Wednesday, April 16, 2014 8:40:37 AM
CARSON CITY, NV--(Marketwired - Apr 16, 2014) - Pan Global, Corp. (OTCQB: PGLO) (the "Company") today announces the 4th of a five-part series of press releases intended to provide its current and prospective shareholders with an analysis of the Company's opportunity in India's green energy industry plus additional details about Project Badyar, a 5.7MW small-hydro power plant in northern India currently being acquired by the Company through its staggered purchase of the outstanding equity (and convertible debt if not converted) of Regency Yamuna Energy Limited, an India corporation commissioning the project ("RYEL").
In today's analysis, the Company is pleased to present the tariffs Project Badyar will earn as revenue under RYEL's Power Purchase Agreement with India's state-owned power corporation, Uttaranchal Power Corporation Limited.
Under the Power Purchase Agreement, Project Badyar is to earn a total of 4.27 Indian Rupees (INR) per kilowatt hour (kWh), consisting of base gross tariff of 4.22 INR per kWh and an additional 0.05 INR per kWh because RYEL had constructed certain transmission infrastructure and transferred it to the state-owned power company. That total tariff rate equals approximately $0.0709 USD per kWh based on the April 15, 2014 exchange rate as reported by Bloomberg.
The tariff rates are in accordance with India's Uttarakhand Electricity Regulatory Commission 2013 regulations and the Power Purchase Agreement is effective for 35 years following the commercial operation date of the small-hydro power plant.
Project Badyar is estimated to be 95% complete and is in the final stages of construction, which is expected to be completed this month, barring adverse weather or unforeseen circumstances.
Once construction is completed, the process of getting Project Badyar connected to the power grid (i.e., commissioned) is intended to begin immediately so that the plant can commence commercial operations as soon as possible.
Photos of Project Badyar can be viewed at the following link:
http://www.slideshare.net/slideshow/embed_code/33051642
Company management commented, "We are extremely proud to share today with our shareholders more details of the first small-hydro plant the Company is working towards acquiring. RYEL has done a tremendous job over the past few years in getting Project Badyar's construction to this stage. Once construction is completed, the process of getting Project Badyar connected to the power grid is intended to begin immediately in order to commence commercial operations as quickly as possible. We are excited to be involved and look forward to the future. We intend to continue to increase our equity interest in RYEL under our acquisition agreement with RYEL."

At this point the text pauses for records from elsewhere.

Definition piecewise_affine (f : nat -> nat) : Prop :=
  exists s : seq nat,
    [/\ sorted ltn (0%N :: s),
        (forall k, (k < size s)%N ->
           affine_on f (nth 0%N (0%N :: s) k) (Some (nth 0%N (0%N :: s) k.+1)))
      & affine_on f (last 0%N s) None].

(* E : partial function V x V -> cost functions; an edge is a pair (u,v)
   with E u v = Some l_(u,v). *)
Record arena (V : finType) := Arena {
  edge : V -> V -> option (nat -> nat);
  src : V;
  tgt : V }.

Definition edge_rel (V : finType) (A : arena V) : rel V :=
  fun u v => isSome (edge A u v).

Definition arena_wf (V : finType) (A : arena V) : Prop :=
  [/\ (forall u v f, edge A u v = Some f -> nondecreasing_nat f /\ piecewise_affine f),
      (forall v f, edge A (tgt A) v = Some f -> v = tgt A),
      (exists2 f, edge A (tgt A) (tgt A) = Some f & forall x, f x = 0%N)
    & (forall v, connect (edge_rel A) v (tgt A))].

Definition config (V : finType) (n : nat) := {ffun 'I_n -> V}.

Definition csrc (V : finType) (A : arena V) (n : nat) : config V n :=
  [ffun _ => src A].

Definition trans (V : finType) (A : arena V) (n : nat) (c c' : config V n) : Prop :=
  forall i : 'I_n, edge A (c i) (c' i) <> None.

Definition load (V : finType) (n : nat) (c c' : config V n) (i : 'I_n) : nat :=
  #|[set j : 'I_n | (c j == c i) && (c' j == c' i)]|.

Definition step_cost (V : finType) (A : arena V) (n : nat)
    (c c' : config V n) (i : 'I_n) : nat :=
  match edge A (c i) (c' i) with
  | Some f => f (load c c' i)
  | None => 0%N
  end.

Definition dev (V : finType) (A : arena V) (n : nat) (i : 'I_n)
    (c c' : config V n) : set (config V n) :=
  [set c'' | trans A c c'' /\ (forall j : 'I_n, j != i -> c'' j = c' j)].

Definition is_path (V : finType) (A : arena V) (n : nat) (rho : nat -> config V n) : Prop :=
  forall k, trans A (rho k) (rho k.+1).

Definition path_suffix (T : Type) (rho : nat -> T) (l : nat) : nat -> T :=
  fun k => rho (l + k)%N.

Definition path_cost (R : realType) (V : finType) (A : arena V) (n : nat)
    (i : 'I_n) (rho : nat -> config V n) : \bar R :=
  if `[< exists k, rho k i = tgt A >] then
    (\sum_(0 <= k <oo) ((step_cost A (rho k) (rho k.+1) i)%:R)%:E)%E
  else +oo%E.

(* a history is a nonempty finite sequence of configurations, represented as
   (first configuration c0, remaining configurations h); the current
   configuration is last c0 h.  A strategy chooses the target of an edge. *)
Definition strat (V : finType) (n : nat) := config V n -> seq (config V n) -> V.

Definition valid_strat (V : finType) (A : arena V) (n : nat) (i : 'I_n)
    (s : strat V n) : Prop :=
  forall (c0 : config V n) (h : seq (config V n)), edge_rel A ((last c0 h) i) (s c0 h).

Definition profile (V : finType) (n : nat) := 'I_n -> strat V n.

Definition valid_profile (V : finType) (A : arena V) (n : nat) (sg : profile V n) : Prop :=
  forall i, valid_strat A i (sg i).

Fixpoint hist (V : finType) (n : nat) (sg : profile V n) (c0 : config V n) (k : nat)
    : seq (config V n) :=
  match k with
  | 0 => [::]
  | k'.+1 => let h := hist sg c0 k' in rcons h [ffun i => sg i c0 h]
  end.

Definition outcome (V : finType) (n : nat) (sg : profile V n) (c0 : config V n)
    : nat -> config V n :=
  fun k => last c0 (hist sg c0 k).

Definition profile_cost (R : realType) (V : finType) (A : arena V) (n : nat)
    (sg : profile V n) (c0 : config V n) (i : 'I_n) : \bar R :=
  path_cost R A i (outcome sg c0).

Definition update (V : finType) (n : nat) (sg : profile V n) (i : 'I_n)
    (s : strat V n) : profile V n :=
  fun j => if j == i then s else sg j.

Definition is_NE (R : realType) (V : finType) (A : arena V) (n : nat)
    (sg : profile V n) : Prop :=
  valid_profile A sg /\
  forall (i : 'I_n) (s : strat V n), valid_strat A i s ->
    (profile_cost R A sg (csrc A n) i <= profile_cost R A (update sg i s) (csrc A n) i)%E.

(* val_{i,c} = sup_{sigma_-i} inf_{sigma_i} cost_i((sigma_-i, sigma_i), c);
   sigma_-i is represented by a full profile whose i-th component is overwritten *)
Definition game_val (R : realType) (V : finType) (A : arena V) (n : nat)
    (i : 'I_n) (c : config V n) : \bar R :=
  ereal_sup [set x | exists2 sg : profile V n, valid_profile A sg &
     x = ereal_inf [set y | exists2 s : strat V n, valid_strat A i s &
                                y = profile_cost R A (update sg i s) c i]].

Arguments path_cost R {V} A {n} i rho.
Arguments profile_cost R {V} A {n} sg c0 i.
Arguments is_NE R {V} A {n} sg.
Arguments game_val R {V} A {n} i c.

(* If a Nash equilibrium has outcome rho and player i deviates at step l to
   c, then i may continue with a best response against the continuation of the
   equilibrium, which costs at most val_{i,c}; the equilibrium property then
   yields the inequality.  Conversely, given rho satisfying the inequalities,
   let everybody follow rho and, at the first configuration c reached by a
   unilateral deviation of some player i, switch to a profile attaining the
   supremum in val_{i,c}: whatever i does afterwards costs at least val_{i,c}.
   Both the infimum and the supremum in val_{i,c} are attained, since the
   costs involved are naturals or +oo, and bounded by the cost of walking
   along a shortest path to tgt. *)
From HB Require Import structures.
From mathcomp Require Import all_boot all_order all_algebra.
From mathcomp Require Import all_classical all_reals all_analysis.
Set Implicit Arguments. Unset Strict Implicit. Unset Printing Implicit Defensive.
Import Order.TTheory GRing.Theory Num.Theory.
Local Open Scope classical_set_scope.
Local Open Scope ring_scope.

As previously reported, the Company is in the process of acquiring 100% of Project Badyar through its staggered acquisition of RYEL. The Company currently holds a 9.46% equity stake in RYEL.
Company management commented further, "We look forward to continuing to provide our shareholders with additional information and insights into our vision and plans with this Shareholder Analysis Series. We believe in the path we have chosen, and are committed to our long term goal of building shareholder value."
As the Company has previously disclosed, on October 28, 2013, the Company, through its wholly-owned subsidiary, Pan Asia Infratech Corp., entered into a Stock Purchase Agreement ("Acquisition Agreement") with RYEL and its shareholders, pursuant to which the Company has agreed acquire, on a staggered basis, 100% of the outstanding shares and convertible debt (if not previously converted) of RYEL. Further details of the Acquisition Agreement are available in the Company's periodic and current reports filed with the SEC and available on the SEC's website free of charge at www.sec.gov.
The Acquisition Agreement contains pre-closing conditions, customary representations and warranties, post-closing covenants and mutual indemnification obligations for, among other things, inaccuracy or breach of any representation or warranty and any breach or non-fulfillment of any covenant.